> _WHAT THE TASK ASKS_: Exactly the lines from the top of the records below through the one containing "symmetric irreflexive edge" must be set down, with no line added or dropped.

> _DATA FOR THIS EXERCISE_:

(* For every integer $d\ge2$ there are infinitely many $d$-degenerate graphs $H$ with $\alpha_d(H)<\mathrm{flap}_d(H)$.
   Context: Graphs are finite and simple. A graph is $d$-degenerate if every subgraph has minimum degree at most $d$. $\alpha_d(H)$ is the maximum size of a set of pairwise non-adjacent vertices of $H$ each of degree at most $d$ in $H$. A separation of $H$ is an ordered pair $(A,B)$ of subsets of $V(H)$ with $A\cup B=V(H)$ and no edge between $A\setminus B$ and $B\setminus A$; its order is $|A\cap B|$. A collection $\mathcal C$ of separations is independent if $A\setminus B\ne\emptyset$ for each $(A,B)\in\mathcal C$ and $A\subseteq D$, $C\subseteq B$ for all distinct $(A,B),(C,D)\in\mathcal C$. $\mathrm{flap}_d(H)$ is the maximum size of an independent collection of separations of $H$ each of order at most $d$. *)

(* A finite simple graph is a finType T (vertices) with a
   symmetric irreflexive edge relation e : rel T. *)
From mathcomp Require Import all_boot all_order.
Set Implicit Arguments. Unset Strict Implicit. Unset Printing Implicit Defensive.

Section Graphs.
Variable T : finType.

Definition simple_graph (e : rel T) : Prop := symmetric e /\ irreflexive e.

Definition deg_in (f : rel T) (S : {set T}) (v : T) : nat :=
  #|[set u in S | f v u]|.

Definition deg (e : rel T) (v : T) : nat := deg_in e [set: T] v.

Definition degenerate (e : rel T) (d : nat) : Prop :=
  forall (S : {set T}) (f : rel T),
    symmetric f -> (forall x y, f x y -> e x y) -> S != set0 ->
    exists2 v, v \in S & deg_in f S v <= d.

Definition low_indep (e : rel T) (d : nat) (I : {set T}) : bool :=
  [forall x in I, forall y in I, ~~ e x y] && [forall x in I, deg e x <= d].

Definition alpha_d (e : rel T) (d : nat) : nat :=
  \max_(I : {set T} | low_indep e d I) #|I|.

Definition separation (e : rel T) (s : {set T} * {set T}) : bool :=
  (s.1 :|: s.2 == [set: T]) &&
  [forall x in s.1 :\: s.2, forall y in s.2 :\: s.1, ~~ e x y].

Definition sep_order (s : {set T} * {set T}) : nat := #|s.1 :&: s.2|.

Definition independent_seps (C : {set {set T} * {set T}}) : bool :=
  [forall s in C, s.1 :\: s.2 != set0] &&
  [forall s in C, forall t in C,
     (s != t) ==> (s.1 \subset t.2) && (t.1 \subset s.2)].

Definition flap_coll (e : rel T) (d : nat) (C : {set {set T} * {set T}}) : bool :=
  [forall s in C, separation e s && (sep_order s <= d)] && independent_seps C.

Definition flap_d (e : rel T) (d : nat) : nat :=
  \max_(C : {set {set T} * {set T}} | flap_coll e d C) #|C|.

End Graphs.

From mathcomp Require Import all_boot all_order.
From mathcomp Require Import zify.

(* For d >= 2 and N >= 2d+3 consider the graph on {0,...,N-1}
   obtained from the d-th power of the path 0-1-...-(N-1) by deleting the
   edge {d, d+1} and adding the edge {0, d+1}.
   - Every vertex has at most d neighbours below it (vertex d+1 lost the
     neighbour d and gained 0), so the graph is d-degenerate: the largest
     vertex of any subgraph has degree at most d there.
   - Every vertex except the last one has degree > d (the twist raises the
     degree of 0 from d to d+1), so alpha_d <= 1.
   - The two "end" separations ({0..d+1}, {2..N-1}) and
     ({N-d-1..N-1}, {0..N-2}) have order d and are independent, so
     flap_d >= 2.
   The file first proves three general facts (a degeneracy criterion from a
   vertex ordering, a bound on alpha_d by the number of low-degree vertices,
   and flap_d >= 2 from two independent separations), then the properties
   of the twisted path power, and derives the theorem with N = n + 2d + 3. *)

Lemma card_le_interval N (S : {set 'I_N}) lo k :
  (forall u, u \in S -> lo <= u < lo + k) -> #|S| <= k.
Proof.
move=> inS; rewrite cardE -(size_map val) -(size_iota lo k).
apply: uniq_leq_size; first by rewrite map_inj_uniq ?enum_uniq //; exact: val_inj.
by move=> m /mapP [u]; rewrite mem_enum => uS ->; rewrite mem_iota; exact: inS.
Qed.

Lemma card_ge_seq N (S : {set 'I_N}) (s : seq nat) :
  uniq s -> (forall m, m \in s -> m < N) ->
  (forall m (hm : m < N), m \in s -> Ordinal hm \in S) -> size s <= #|S|.
Proof.
move=> us sN sS; rewrite cardE -(size_map val).
apply: uniq_leq_size => // m ms.
by apply/mapP; exists (Ordinal (sN m ms)); rewrite ?mem_enum ?sS.
Qed.

Section GeneralFacts.
Context {T : finType}.
Implicit Types (e : rel T) (d : nat).

(* If the vertices can be ranked so that every vertex has at most d
   neighbours of rank at most its own, the graph is d-degenerate: in any
   subgraph, a vertex of maximal rank has degree at most d. *)
Lemma degenerate_of_ranking e d (r : T -> nat) :
  (forall v, #|[set u | (r u <= r v) && e v u]| <= d) -> degenerate e d.
Proof.
move=> back_deg S f _ fe /set0Pn [v0 v0S].
have [v vS vmax] := @arg_maxnP _ v0 (mem S) r v0S.
exists v => //; apply: leq_trans (back_deg v); apply: subset_leq_card.
apply/subsetP => u; rewrite !inE => /andP [uS /fe ->].
by rewrite andbT; exact: (vmax u uS).
Qed.

Lemma alpha_d_le_low_degree e d : alpha_d e d <= #|[set v | deg e v <= d]|.
Proof.
apply/bigmax_leqP => I /andP [_ /forallP low_deg].
apply: subset_leq_card; apply/subsetP => v vI.
by rewrite inE; exact: implyP (low_deg v) vI.
Qed.

(* Two separations of order at most d with nonempty first sides, each of
   whose first side lies in the other's second side, witness flap_d >= 2;
   they are distinct since a separation (A, B) with A \subset B has an
   empty A :\: B. *)
Lemma flap_d_ge2 e d (s t : {set T} * {set T}) :
  separation e s -> separation e t -> sep_order s <= d -> sep_order t <= d ->
  s.1 :\: s.2 != set0 -> t.1 :\: t.2 != set0 ->
  s.1 \subset t.2 -> t.1 \subset s.2 -> 2 <= flap_d e d.
Proof.
move=> sepS sepT ordS ordT nzS nzT st ts.
have s_neq_t : s != t.
  by apply: contraNneq nzS => s_eq_t; rewrite setD_eq0 {2}s_eq_t.
have -> : 2 = #|[set s; t]| by rewrite cards2 s_neq_t.
apply: leq_bigmax_cond; apply/andP; split.
  by apply/forall_inP => u /set2P [->|->]; apply/andP.
apply/andP; split; first by apply/forall_inP => u /set2P [->|->].
by apply/forall_inP => u /set2P [->|->]; apply/forall_inP => w /set2P [->|->];
  rewrite ?eqxx //= st ts implybT.
Qed.

End GeneralFacts.

Definition twisted_edge (d i j : nat) : bool :=
  (i < j) && ((j - i <= d) && ~~ ((i == d) && (j == d.+1))
              || (i == 0) && (j == d.+1)).

Definition twisted_graph (d N : nat) : rel 'I_N :=
  fun x y => twisted_edge d x y || twisted_edge d y x.

Section TwistedGraph.
Variables d N : nat.

Let G := twisted_graph d N.

Lemma twisted_simple : simple_graph G.
Proof.
split; first by move=> x y; rewrite /G /twisted_graph orbC.
by move=> x; rewrite /G /twisted_graph /twisted_edge; apply/negP; lia.
Qed.

(* d >= 1 lets the added edge {0, d+1} respect the degeneracy bound;
   d >= 2 keeps vertex d, which lost a neighbour, of degree 2d - 1 > d. *)
Hypothesis d_ge2 : 2 <= d.

(* The neighbours of v below v lie in [v - d, v), or in [0, d) for
   v = d + 1; so there are at most d of them. *)
Lemma twisted_back_degree (v : 'I_N) :
  #|[set u : 'I_N | (u <= v) && G v u]| <= d.
Proof.
apply: (@card_le_interval _ _ (if v == d.+1 :> nat then 0 else v - d)) => u.
rewrite inE /G /twisted_graph /twisted_edge.
by case: ifP => /eqP; lia.
Qed.

Lemma twisted_degenerate : degenerate G d.
Proof. exact: degenerate_of_ranking twisted_back_degree. Qed.

(* From here on the graph is long enough for its two ends to be far apart. *)
Hypothesis N_large : 2 * d + 3 <= N.

(* Every vertex x other than the last one has more than d neighbours:
   1..d+1 for x = 0; all of [0, x+d] but x for 0 < x < d; 0..d-1 and d+2
   for x in {d, d+1}; and [x-d, x) together with x+1 for larger x. *)
Lemma twisted_high_degree (x : 'I_N) : x != N.-1 :> nat -> d < deg G x.
Proof.
case: x => x xN /= x_not_last; rewrite /deg /deg_in /G.
have [x0 | x_pos] := eqVneq x 0.
  apply: leq_trans (_ : size (iota 1 d.+1) <= _); first by rewrite size_iota.
  apply: card_ge_seq; first exact: iota_uniq.
    by move=> m; rewrite mem_iota; lia.
  by move=> m hm; rewrite mem_iota !inE /twisted_graph /twisted_edge /= x0; lia.
have [x_small | x_ged] := ltnP x d.
  apply: leq_trans (_ : size (rem x (iota 0 (x + d + 1))) <= _).
    by rewrite size_rem ?size_iota ?mem_iota; lia.
  apply: card_ge_seq; first by apply: rem_uniq; exact: iota_uniq.
    by move=> m; rewrite mem_rem_uniq ?iota_uniq // inE mem_iota; lia.
  move=> m hm; rewrite mem_rem_uniq ?iota_uniq // !inE mem_iota.
  by rewrite /twisted_graph /twisted_edge /=; lia.
have [x_mid | x_high] := leqP x d.+1.
  apply: leq_trans (_ : size (d.+2 :: iota 0 d) <= _); first by rewrite /= size_iota.
  apply: card_ge_seq.
  - by rewrite /= iota_uniq mem_iota andbT; lia.
  - by move=> m; rewrite inE mem_iota; lia.
  by move=> m hm; rewrite !inE mem_iota /twisted_graph /twisted_edge /=; lia.
apply: leq_trans (_ : size (x.+1 :: iota (x - d) d) <= _); first by rewrite /= size_iota.
apply: card_ge_seq.
- by rewrite /= iota_uniq mem_iota andbT; lia.
- by move=> m; rewrite inE mem_iota; lia.
by move=> m hm; rewrite !inE mem_iota /twisted_graph /twisted_edge /=; lia.
Qed.

Lemma twisted_alpha_d : alpha_d G d <= 1.
Proof.
apply: leq_trans (alpha_d_le_low_degree G d) _.
apply: (@card_le_interval _ _ N.-1) => u; rewrite inE => low.
have [-> | not_last] := eqVneq (u : nat) N.-1; first by lia.
by move: (twisted_high_degree u not_last); rewrite ltnNge low.
Qed.

(* The separations cutting off {0, 1} and {N-1} respectively. *)
Definition left_sep : {set 'I_N} * {set 'I_N} :=
  ([set u : 'I_N | u <= d.+1], [set u : 'I_N | 2 <= u]).

Definition right_sep : {set 'I_N} * {set 'I_N} :=
  ([set u : 'I_N | N - d.+1 <= u], [set u : 'I_N | u <= N - 2]).

Lemma separation_left_sep : separation G left_sep.
Proof.
apply/andP; split; first by apply/eqP/setP => u; rewrite !inE; lia.
apply/forall_inP => x; rewrite !inE => hx.
apply/forall_inP => y; rewrite !inE => hy.
by rewrite /G /twisted_graph /twisted_edge; lia.
Qed.

Lemma separation_right_sep : separation G right_sep.
Proof.
apply/andP; split; first by apply/eqP/setP => u; rewrite !inE; lia.
apply/forall_inP => x; rewrite !inE => hx.
apply/forall_inP => y; rewrite !inE => hy.
by have := ltn_ord x; rewrite /G /twisted_graph /twisted_edge; lia.
Qed.

Lemma twisted_flap_d : 2 <= flap_d G d.
Proof.
have N_pos : 0 < N by lia.
have last_lt : N.-1 < N by lia.
apply: (@flap_d_ge2 _ _ _ left_sep right_sep).
- exact: separation_left_sep.
- exact: separation_right_sep.
- by apply: (@card_le_interval _ _ 2) => u; rewrite !inE; lia.
- by apply: (@card_le_interval _ _ (N - d.+1)) => u; rewrite !inE; lia.
- by apply/set0Pn; exists (Ordinal N_pos); rewrite !inE.
- by apply/set0Pn; exists (Ordinal last_lt); rewrite !inE /=; lia.
- by apply/subsetP => u; rewrite !inE; lia.
by apply/subsetP => u; rewrite !inE; lia.
Qed.

End TwistedGraph.

Theorem mainTheorem7 :
  forall d : nat, 2 <= d ->
  forall n : nat, exists (T : finType) (e : rel T),
    [/\ simple_graph e, n < #|T|, degenerate e d & alpha_d e d < flap_d e d].
Proof.
move=> d d_ge2 n.
pose N := n + 2 * d + 3.
have N_large : 2 * d + 3 <= N by rewrite /N; lia.
exists ('I_N : finType), (twisted_graph d N); split.
- exact: twisted_simple.
- by rewrite card_ord /N; lia.
- exact: twisted_degenerate.
apply: leq_ltn_trans (@twisted_alpha_d d N d_ge2 N_large) _.
exact: twisted_flap_d.
Qed.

> _EXERCISE ANSWER_:
(* For every integer $d\ge2$ there are infinitely many $d$-degenerate graphs $H$ with $\alpha_d(H)<\mathrm{flap}_d(H)$.
   Context: Graphs are finite and simple. A graph is $d$-degenerate if every subgraph has minimum degree at most $d$. $\alpha_d(H)$ is the maximum size of a set of pairwise non-adjacent vertices of $H$ each of degree at most $d$ in $H$. A separation of $H$ is an ordered pair $(A,B)$ of subsets of $V(H)$ with $A\cup B=V(H)$ and no edge between $A\setminus B$ and $B\setminus A$; its order is $|A\cap B|$. A collection $\mathcal C$ of separations is independent if $A\setminus B\ne\emptyset$ for each $(A,B)\in\mathcal C$ and $A\subseteq D$, $C\subseteq B$ for all distinct $(A,B),(C,D)\in\mathcal C$. $\mathrm{flap}_d(H)$ is the maximum size of an independent collection of separations of $H$ each of order at most $d$. *)

(* A finite simple graph is a finType T (vertices) with a
   symmetric irreflexive edge relation e : rel T. *)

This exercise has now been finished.